*WORK REQUIRED*: Copy exactly the lines from the start of the data below through the one that carries "assert (HKU : 0 < K + P * U) by nra.", and only those.

--- DATA RECORDS ---

Lemma model_F2_pos (P beta K u v U : R) : 1 < P -> 0 < beta -> 0 < K -> Rabs u <= U ->
  Rabs v < P * (P - 1) / (beta * (K + P * U)) -> 0 < snd (quad_field (model_coefs P beta K) u v).
Proof.
  intros HP Hb HK Hu Hv. unfold quad_field, model_coefs; cbn [snd c1 c2 b0 b1 b2 b3 b4].
  assert (HU : 0 <= U) by (pose proof (Rabs_pos u); lra).
  assert (HKU : 0 < K + P * U) by nra.
  assert (Hden : 0 < beta * (K + P * U)) by (apply Rmult_lt_0_compat; lra).
  assert (Hbv : beta * (K + P * U) * Rabs v < P * (P - 1)).
  { apply (Rmult_lt_compat_l (beta * (K + P * U))) in Hv; [|exact Hden].
    replace (beta * (K + P * U) * (P * (P - 1) / (beta * (K + P * U)))) with (P * (P - 1)) in Hv
      by (field; lra).
    exact Hv. }
  assert (Huv : u * v <= U * Rabs v).
  { apply Rle_trans with (Rabs u * Rabs v).
    - rewrite <- Rabs_mult. apply Rle_abs.
    - apply Rmult_le_compat_r; [apply Rabs_pos| exact Hu]. }
  pose proof (Rle_abs v). pose proof (pow2_ge_0 u).
  assert (K * beta * v <= K * beta * Rabs v) by (apply Rmult_le_compat_l; nra).
  assert (P * beta * (u * v) <= P * beta * (U * Rabs v)) by (apply Rmult_le_compat_l; nra).
  assert (0 <= P ^ 2 * u ^ 2) by (apply Rmult_le_pos; [apply pow2_ge_0| lra]).
  nra.
Qed.

Lemma model_exit_right (P beta K : R) z0 T A tau : 0 < P -> 0 < beta -> 0 < K ->
  is_sol (quad_field (model_coefs P beta K)) z0 T A -> 0 < tau -> in_dom T tau ->
  - P * fst (A tau) + beta * snd (A tau) = 0 ->
  (forall s, 0 <= s < tau -> 0 < - P * fst (A s) + beta * snd (A s)) ->
  (P - 1) / K <= fst (A tau).
Proof.
  intros HP Hb HK Hsol Ht Hdom Hg0 Hpos.
  destruct (model_sol_derivs P beta K z0 T A tau ltac:(lra) Hsol Ht Hdom) as [_ [Hg _]].
  pose proof (deriv_nonpos_at_first_zero _ _ _ Hg Ht Hg0 Hpos) as Hle.
  rewrite Hg0 in Hle. unfold gdot in Hle.
  assert (0 < 2 * beta * P * K) by (repeat apply Rmult_lt_0_compat; lra).
  nra.
Qed.

Section ModelExit.

Variables (p : nat) (beta K : R) (z0 : R * R) (T : option R) (A : R -> R * R).
Hypotheses (HP : 1 < INR p) (Hb : 0 < beta) (HK : 0 < K)
  (Hsol : is_sol (quad_field (model_coefs (INR p) beta K)) z0 T A).

(* On the axis [{v = 0}] with [g > 0] the [v]-component of the field is positive, so the
   solution moves into [{v > 0}]. *)
Lemma model_stays_in_Wplus_axis tau : in_dom T tau ->
  0 < F1 p beta (fst (A tau)) (snd (A tau)) -> snd (A tau) = 0 ->
  exists d, 0 < d /\ forall s, in_dom T s -> tau <= s < tau + d -> Wplus p beta (A s).
Proof.
  intros Hdomt Hgp Hv0. unfold Wplus, F1 in *. set (P := INR p) in *.
  set (U := Rabs (fst (A tau)) + 1).
  set (eta := P * (P - 1) / (beta * (K + P * U))).
  assert (Heta : 0 < eta).
  { unfold eta. pose proof (Rabs_pos (fst (A tau))).
    apply Rdiv_lt_0_compat; [nra| apply Rmult_lt_0_compat; [lra| unfold U; nra]]. }
  set (eps := Rmin (- P * fst (A tau) + beta * snd (A tau)) (Rmin 1 eta)).
  assert (Heps : 0 < eps) by (unfold eps; repeat apply Rmin_pos; lra).
  assert (eps <= - P * fst (A tau) + beta * snd (A tau)) by apply Rmin_l.
  assert (eps <= Rmin 1 eta) by apply Rmin_r.
  pose proof (Rmin_l 1 eta). pose proof (Rmin_r 1 eta).
  destruct (sol_cont _ _ _ _ (- P) beta tau Hsol Hdomt eps Heps) as [d [Hd Hs]].
  assert (Hloc : forall s, in_dom T s -> Rabs (s - tau) < d ->
    0 < - P * fst (A s) + beta * snd (A s) /\
    0 < snd (quad_field (model_coefs P beta K) (fst (A s)) (snd (A s)))).
  { intros s Hsd Hst. destruct (Hs s Hsd Hst) as [Hu [Hv Hg]].
    apply Rabs_def2 in Hg. split; [lra|].
    apply (model_F2_pos P beta K _ _ U); try lra.
    - pose proof (Rabs_triang_inv (fst (A s)) (fst (A tau))). unfold U. lra.
    - rewrite Hv0, Rminus_0_r in Hv. fold eta. lra. }
  exists d. split; [exact Hd|]. intros s Hsd [Hs1 Hs2].
  split; [| apply Rlt_gt, Hloc; [exact Hsd| apply Rabs_def1; lra]].
  destruct (Req_dec s tau) as [->|Hne]; [lra|]. rewrite <- Hv0.
  assert (Hdom : forall x, tau <= x <= s -> in_dom T x)
    by (intros x Hx; split; [destruct Hdomt; lra| destruct T; [destruct Hsd; lra| exact I]]).
  apply (le_of_deriv_pos_right (fun x => snd (A x))
           (fun x => snd (quad_field (model_coefs P beta K) (fst (A x)) (snd (A x))))); [lra| |].
  - intros e He. destruct (sol_cont _ _ _ _ 0 0 tau Hsol Hdomt e He) as [d' [Hd' Hs']].
    exists (Rmin d' (s - tau)). split; [apply Rmin_pos; lra|]. intros x Hx.
    pose proof (Rmin_l d' (s - tau)). pose proof (Rmin_r d' (s - tau)).
    apply (Hs' x); [apply Hdom| apply Rabs_def1]; lra.
  - intros x Hx. split.
    + refine (proj2 (proj2 (model_sol_derivs P beta K z0 T A x _ Hsol _ _)));
        [lra| destruct Hdomt; lra| apply Hdom; lra].
    + apply Hloc; [apply Hdom; lra| apply Rabs_def1; lra].
Qed.

Lemma model_stays_in_Wplus tau : in_dom T tau ->
  0 < F1 p beta (fst (A tau)) (snd (A tau)) -> 0 <= snd (A tau) ->
  exists d, 0 < d /\ forall s, in_dom T s -> tau <= s < tau + d -> Wplus p beta (A s).
Proof.
  intros Hdomt Hgp Hvt.
  destruct (Req_dec (snd (A tau)) 0) as [Hv0|Hvne]; [now apply model_stays_in_Wplus_axis|].
  unfold Wplus, F1 in *. set (P := INR p) in *.
  set (eps := Rmin (- P * fst (A tau) + beta * snd (A tau)) (snd (A tau))).
  assert (Heps : 0 < eps) by (unfold eps; apply Rmin_pos; lra).
  assert (eps <= - P * fst (A tau) + beta * snd (A tau)) by apply Rmin_l.
  assert (eps <= snd (A tau)) by apply Rmin_r.
  destruct (sol_cont _ _ _ _ (- P) beta tau Hsol Hdomt eps Heps) as [d [Hd Hs]].
  exists d. split; [exact Hd|]. intros s Hsd [Hs1 Hs2].
  destruct (Hs s Hsd ltac:(apply Rabs_def1; lra)) as [_ [H2 H3]].
  apply Rabs_def2 in H2. apply Rabs_def2 in H3. split; lra.
Qed.

Lemma model_exit_past_c : Wplus p beta z0 ->
  forall tau, is_glb (fun t => in_dom T t /\ ~ Wplus p beta (A t)) tau ->
  (INR p - 1) / K <= fst (A tau).
Proof.
  intros HW tau Htau. set (P := INR p) in *.
  destruct (first_hit_props T A (fun z => ~ Wplus p beta z) tau Htau) as [Hdomt Hbefore].
  assert (HA0 : A 0 = z0) by apply Hsol.
  assert (HWs : forall s, 0 <= s < tau -> Wplus p beta (A s))
    by (intros s Hs; apply NNPP, (Hbefore s Hs)).
  assert (Hnn : 0 <= - P * fst (A tau) + beta * snd (A tau) /\ 0 <= snd (A tau)).
  { destruct (Req_dec tau 0) as [E|E].
    - rewrite E, HA0. destruct HW as [Hv Hg]. unfold F1 in Hg. fold P in Hg. lra.
    - assert (0 < tau) by (destruct Hdomt; lra). split.
      + apply (sol_lin_nonneg _ _ _ _ _ _ _ Hsol Hdomt); [lra|].
        intros s Hs. destruct (HWs s Hs) as [_ Hg]. unfold F1 in Hg. fold P in Hg. lra.
      + replace (snd (A tau)) with (0 * fst (A tau) + 1 * snd (A tau)) by ring.
        apply (sol_lin_nonneg _ _ _ _ _ _ _ Hsol Hdomt); [lra|].
        intros s Hs. destruct (HWs s Hs) as [Hv _]. lra. }
  assert (Hg0 : - P * fst (A tau) + beta * snd (A tau) = 0).
  { destruct (Req_dec (- P * fst (A tau) + beta * snd (A tau)) 0) as [E|Hne]; [exact E| exfalso].
    destruct (model_stays_in_Wplus tau Hdomt) as [d [Hd Hnear]];
      [unfold F1; fold P; lra| lra|].
    apply (is_glb_gap_absurd _ _ d Htau Hd). intros t Ht [Htd HnW]. exact (HnW (Hnear t Htd Ht)). }
  assert (Htp : 0 < tau).
  { destruct (Req_dec tau 0) as [E|E].
    - rewrite E, HA0 in Hg0. destruct HW as [_ Hg]. unfold F1 in Hg. fold P in Hg. lra.
    - destruct Hdomt; lra. }
  apply (model_exit_right P beta K z0 T A tau); try assumption; try lra.
  intros s Hs. destruct (HWs s Hs) as [_ Hg]. exact Hg.
Qed.

End ModelExit.

Definition in_transit (P beta c dl : R) (z : R * R) : Prop :=
  0 < - P * fst z + beta * snd z /\
  ~ (Rabs (fst z - c) < dl /\ - P * fst z + beta * snd z < dl).

Section ModelReach.

Variables (p : nat) (beta K dl : R) (z0 : R * R) (T : option R) (A : R -> R * R).
Hypotheses (HP : 1 < INR p) (Hb : 0 < beta) (HK : 0 < K) (Hdl : 0 < dl)
  (Hsol : is_sol (quad_field (model_coefs (INR p) beta K)) z0 T A).

Lemma in_transit_open c tau : in_dom T tau ->
  0 < - INR p * fst (A tau) + beta * snd (A tau) ->
  dl < Rabs (fst (A tau) - c) \/ dl < - INR p * fst (A tau) + beta * snd (A tau) ->
  exists d, 0 < d /\ forall s, in_dom T s -> Rabs (s - tau) < d -> in_transit (INR p) beta c dl (A s).
Proof.
  intros Hdomt Hgp Hfar. set (P := INR p) in *.
  set (gt := - P * fst (A tau) + beta * snd (A tau)) in *.
  set (eps := Rmin gt (Rmax (Rabs (fst (A tau) - c) - dl) (gt - dl))).
  assert (He1 : eps <= gt) by apply Rmin_l.
  assert (He2 : eps <= Rmax (Rabs (fst (A tau) - c) - dl) (gt - dl)) by apply Rmin_r.
  assert (Heps : 0 < eps).
  { apply Rmin_pos; [exact Hgp|].
    destruct Hfar; [eapply Rlt_le_trans, Rmax_l| eapply Rlt_le_trans, Rmax_r]; lra. }
  destruct (sol_cont _ _ _ _ (- P) beta tau Hsol Hdomt eps Heps) as [d [Hd Hs]].
  exists d. split; [exact Hd|]. intros s Hsd Hst.
  destruct (Hs s Hsd Hst) as [Hu [_ Hg]]. apply Rabs_def2 in Hg. fold gt in Hg.
  split; [lra|]. intros [Hus Hgs].
  pose proof (Rabs_triang_inv (fst (A tau) - c) (fst (A tau) - fst (A s))) as Htri.
  replace (fst (A tau) - c - (fst (A tau) - fst (A s))) with (fst (A s) - c) in Htri by ring.
  rewrite Rabs_minus_sym in Hu.
  destruct (Rle_lt_dec (Rabs (fst (A tau) - c) - dl) (gt - dl)) as [Hm|Hm];
    [rewrite Rmax_right in He2 by lra| rewrite Rmax_left in He2 by lra]; destruct Hfar; lra.
Qed.

Lemma model_first_stop tau : Wplus p beta z0 ->
  is_glb (fun t => in_dom T t /\ ~ in_transit (INR p) beta ((INR p - 1) / K) dl (A t)) tau ->
  in_dom T tau /\
  ((- INR p * fst (A tau) + beta * snd (A tau) = 0 /\ (INR p - 1) / K <= fst (A tau)) \/
   (Rabs (fst (A tau) - (INR p - 1) / K) <= dl /\
    0 <= - INR p * fst (A tau) + beta * snd (A tau) <= dl)).
Proof.
  intros HW Htau. set (P := INR p) in *. set (c := (P - 1) / K) in *.
  destruct (first_hit_props T A (fun z => ~ in_transit P beta c dl z) tau Htau) as [Hdomt Hbefore].
  assert (HA0 : A 0 = z0) by apply Hsol.
  assert (Hg0 : 0 < - P * fst (A 0) + beta * snd (A 0))
    by (rewrite HA0; destruct HW as [_ Hg]; unfold F1 in Hg; fold P in Hg; lra).
  assert (Hgs : forall s, 0 <= s < tau -> 0 < - P * fst (A s) + beta * snd (A s))
    by (intros s Hs; destruct (Hbefore s Hs) as [_ Hn]; apply NNPP in Hn; apply Hn).
  assert (Hgnn : 0 <= - P * fst (A tau) + beta * snd (A tau)).
  { destruct (Req_dec tau 0) as [->|E]; [lra|].
    apply (sol_lin_nonneg _ _ _ _ _ _ _ Hsol Hdomt); [destruct Hdomt; lra|].
    intros s Hs. left. apply Hgs, Hs. }
  split; [exact Hdomt|].
  destruct (Req_dec (- P * fst (A tau) + beta * snd (A tau)) 0) as [Hz|Hnz].
  - left. split; [exact Hz|].
    assert (Htp : 0 < tau) by (destruct (Req_dec tau 0) as [->|E]; [lra| destruct Hdomt; lra]).
    apply (model_exit_right P beta K z0 T A tau); try assumption; lra.
  - right. apply NNPP. intro Hn.
    assert (Hgp : 0 < - P * fst (A tau) + beta * snd (A tau))
      by (destruct (Rle_lt_or_eq_dec _ _ Hgnn); [assumption| congruence]).
    assert (Hfar : dl < Rabs (fst (A tau) - c) \/ dl < - P * fst (A tau) + beta * snd (A tau)).
    { destruct (Rlt_le_dec dl (Rabs (fst (A tau) - c))); [left; assumption|].
      destruct (Rlt_le_dec dl (- P * fst (A tau) + beta * snd (A tau))); [right; assumption|].
      exfalso. apply Hn. split; lra. }
    destruct (in_transit_open c tau Hdomt Hgp Hfar) as [d [Hd Hnear]].
    apply (is_glb_gap_absurd _ _ d Htau Hd). intros t Ht [Htd Hnt].
    apply Hnt, Hnear; [exact Htd| apply Rabs_def1; lra].
Qed.

End ModelReach.

(* A solution in transit for a long time contradicts [phase_exit_absurd] if it lives long
   enough, and [max_sol_bounded_absurd] otherwise, since it stays bounded by [phase_bounded]. *)
Lemma model_transit_absurd (p : nat) (beta K dl M : R) z0 T A :
  1 < INR p -> 0 < beta -> 0 < K -> 0 < dl -> 0 <= M -> Rabs (fst z0) <= M -> Rabs (snd z0) <= M ->
  is_max_sol (quad_field (model_coefs (INR p) beta K)) z0 T A ->
  (forall t, in_dom T t ->
     t <= 1 + exit_time (INR p) beta K ((INR p - 1) / K) dl (M + 1) ((INR p + beta) * (M + 1)) ->
     in_transit (INR p) beta ((INR p - 1) / K) dl (A t)) -> False.
Proof.
  intros HP Hb HK Hdl HM Hu0 Hv0 Hmax Htransit. pose proof (proj1 Hmax) as Hsol.
  set (P := INR p) in *. set (c := (P - 1) / K) in *.
  set (G1 := (P + beta) * (M + 1)) in *.
  set (Tend := exit_time P beta K c dl (M + 1) G1) in *.
  assert (Hc : 0 < c) by (apply Rdiv_lt_0_compat; lra).
  assert (HG1 : 0 <= G1) by (apply Rmult_le_pos; lra).
  assert (HTend : 0 < Tend) by (apply exit_time_pos; lra).
  destruct (sol_start_bounded _ _ _ _ M Hsol Hu0 Hv0) as [s0 [Hs0 [Hdoms0 [Hus0 Hvs0]]]].
  set (u := fun s => fst (A s)). set (g := fun s => - P * fst (A s) + beta * snd (A s)).
  assert (Hgs0 : g s0 <= G1).
  { unfold g, G1. apply Rabs_le_between in Hus0. apply Rabs_le_between in Hvs0. nra. }
  assert (Hphase : forall S, S <= s0 + Tend -> (forall t, s0 <= t <= S -> in_dom T t) ->
     (forall t, s0 <= t <= S ->
        derivable_pt_lim u t (g t) /\ derivable_pt_lim g t (gdot P beta K c (u t) (g t))) /\
     (forall t, s0 <= t <= S -> 0 < g t /\ ~ (Rabs (u t - c) < dl /\ g t < dl))).
  { intros S HS Hdom. split; intros t Ht.
    - destruct (model_sol_derivs P beta K z0 T A t ltac:(lra) Hsol ltac:(lra) (Hdom t Ht))
        as [D1 [D2 _]]. split; [exact D1| exact D2].
    - apply (Htransit t (Hdom t Ht)). lra. }
  destruct (classic (forall t, s0 <= t <= s0 + Tend -> in_dom T t)) as [Hall|Hshort].
  - destruct (Hphase (s0 + Tend) ltac:(lra) Hall) as [Hd Hgood].
    apply (phase_exit_absurd P beta K c u g s0 (s0 + Tend)) with dl (M + 1) G1; try lra;
      try (intros t Ht; apply Hgood, Ht); try assumption. fold Tend. lra.
  - destruct T as [b|]; [| apply Hshort; intros t Ht; split; [lra| exact I]].
    assert (Hb0 : b <= s0 + Tend).
    { destruct (Rle_lt_dec b (s0 + Tend)) as [ok|Hgt]; [exact ok|].
      exfalso. apply Hshort. intros t Ht. split; lra. }
    set (Gx := g_bound P beta K c (M + 1) G1 Tend).
    set (Ux := M + 1 + Gx * Tend).
    assert (HGx : 0 <= Gx) by (apply g_bound_nonneg; lra).
    assert (HUx : 0 <= Ux) by (unfold Ux; pose proof (Rmult_le_pos _ _ HGx (Rlt_le _ _ HTend)); lra).
    assert (HVx : 0 <= (Gx + P * Ux) / beta) by (apply Rdiv_le_0_compat; nra).
    apply (max_sol_bounded_absurd (model_coefs P beta K) z0 b A (1 + Ux + (Gx + P * Ux) / beta) s0);
      [lra| destruct Hdoms0; lra| exact Hmax|].
    intros t Ht.
    assert (Hdom : forall x, s0 <= x <= t -> in_dom (Some b) x) by (intros x Hx; split; lra).
    destruct (Hphase t ltac:(lra) Hdom) as [Hd Hgood].
    destruct (phase_bounded P beta K c u g s0 t ltac:(lra) Hb HK Hc Hd
                (fun x Hx => proj1 (Hgood x Hx)) (M + 1) G1 Tend ltac:(lra) Hus0 Hgs0
                ltac:(lra) ltac:(lra) t ltac:(lra)) as [Hut [Hgt Hgx]].
    fold Gx Ux in Hut, Hgx. unfold u, g in Hut, Hgt, Hgx.
    split; [lra|].
    apply Rle_trans with ((Gx + P * Ux) / beta); [apply (phase_v_bound _ _ (fst (A t))); lra| lra].
Qed.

---

*REPLY TO THE TASK*:
Lemma model_F2_pos (P beta K u v U : R) : 1 < P -> 0 < beta -> 0 < K -> Rabs u <= U ->
  Rabs v < P * (P - 1) / (beta * (K + P * U)) -> 0 < snd (quad_field (model_coefs P beta K) u v).
Proof.
  intros HP Hb HK Hu Hv. unfold quad_field, model_coefs; cbn [snd c1 c2 b0 b1 b2 b3 b4].
  assert (HU : 0 <= U) by (pose proof (Rabs_pos u); lra).
  assert (HKU : 0 < K + P * U) by nra.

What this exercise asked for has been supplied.